[Collected data entries]
Set Implicit Arguments.
Unset Strict Implicit.
Unset Printing Implicit Defensive.

Import Order.TTheory GRing.Theory Num.Theory numFieldNormedType.Exports.
Local Open Scope classical_set_scope.
Local Open Scope ring_scope.

(* The function g depends on x only through u = |x|^2 and v = |x|_{-1}^2, whose
   gradients are 2x and 2 Lambda^{-1} x.  Every field B, T_J, R_i is orthogonal to
   both x and Lambda^{-1} x (for B by hypothesis, for T_J by a cyclic cancellation,
   for R_i because lambda_{2i-1} = lambda_{2i}), so it annihilates g, and so does its
   square: the perturbation eps^{-1} (B + kappa D) vanishes on g.  The formula for
   tilde L g is the chain rule, the two mixed terms psi_uv and psi_vu being merged by
   Schwarz's theorem, proved here from the mean value theorem.  For g_0,
   psi = exp (v / 2a) gives
     tilde L g_0 = e^{v/2a} / 2a * (sum (1+delta)/lambda x^2 + a sum (1+delta) - 2 |x|^2),
   which is bounded using lambda >= 1 and -1 < delta <= 0. *)

Section Schwarz.
Variables (R : realType) (V : normedModType R).
Implicit Types (f : V -> R) (p u w : V).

(WORK REQUIRED):
The line with "Import Order.TTheory GRing.Theory" and all the lines after it in the records above are to be output exactly, with nothing added.

(SOLUTION BELOW):
Import Order.TTheory GRing.Theory Num.Theory numFieldNormedType.Exports.
Local Open Scope classical_set_scope.
Local Open Scope ring_scope.

(* The function g depends on x only through u = |x|^2 and v = |x|_{-1}^2, whose
   gradients are 2x and 2 Lambda^{-1} x.  Every field B, T_J, R_i is orthogonal to
   both x and Lambda^{-1} x (for B by hypothesis, for T_J by a cyclic cancellation,
   for R_i because lambda_{2i-1} = lambda_{2i}), so it annihilates g, and so does its
   square: the perturbation eps^{-1} (B + kappa D) vanishes on g.  The formula for
   tilde L g is the chain rule, the two mixed terms psi_uv and psi_vu being merged by
   Schwarz's theorem, proved here from the mean value theorem.  For g_0,
   psi = exp (v / 2a) gives
     tilde L g_0 = e^{v/2a} / 2a * (sum (1+delta)/lambda x^2 + a sum (1+delta) - 2 |x|^2),
   which is bounded using lambda >= 1 and -1 < delta <= 0. *)

Section Schwarz.
Variables (R : realType) (V : normedModType R).
Implicit Types (f : V -> R) (p u w : V).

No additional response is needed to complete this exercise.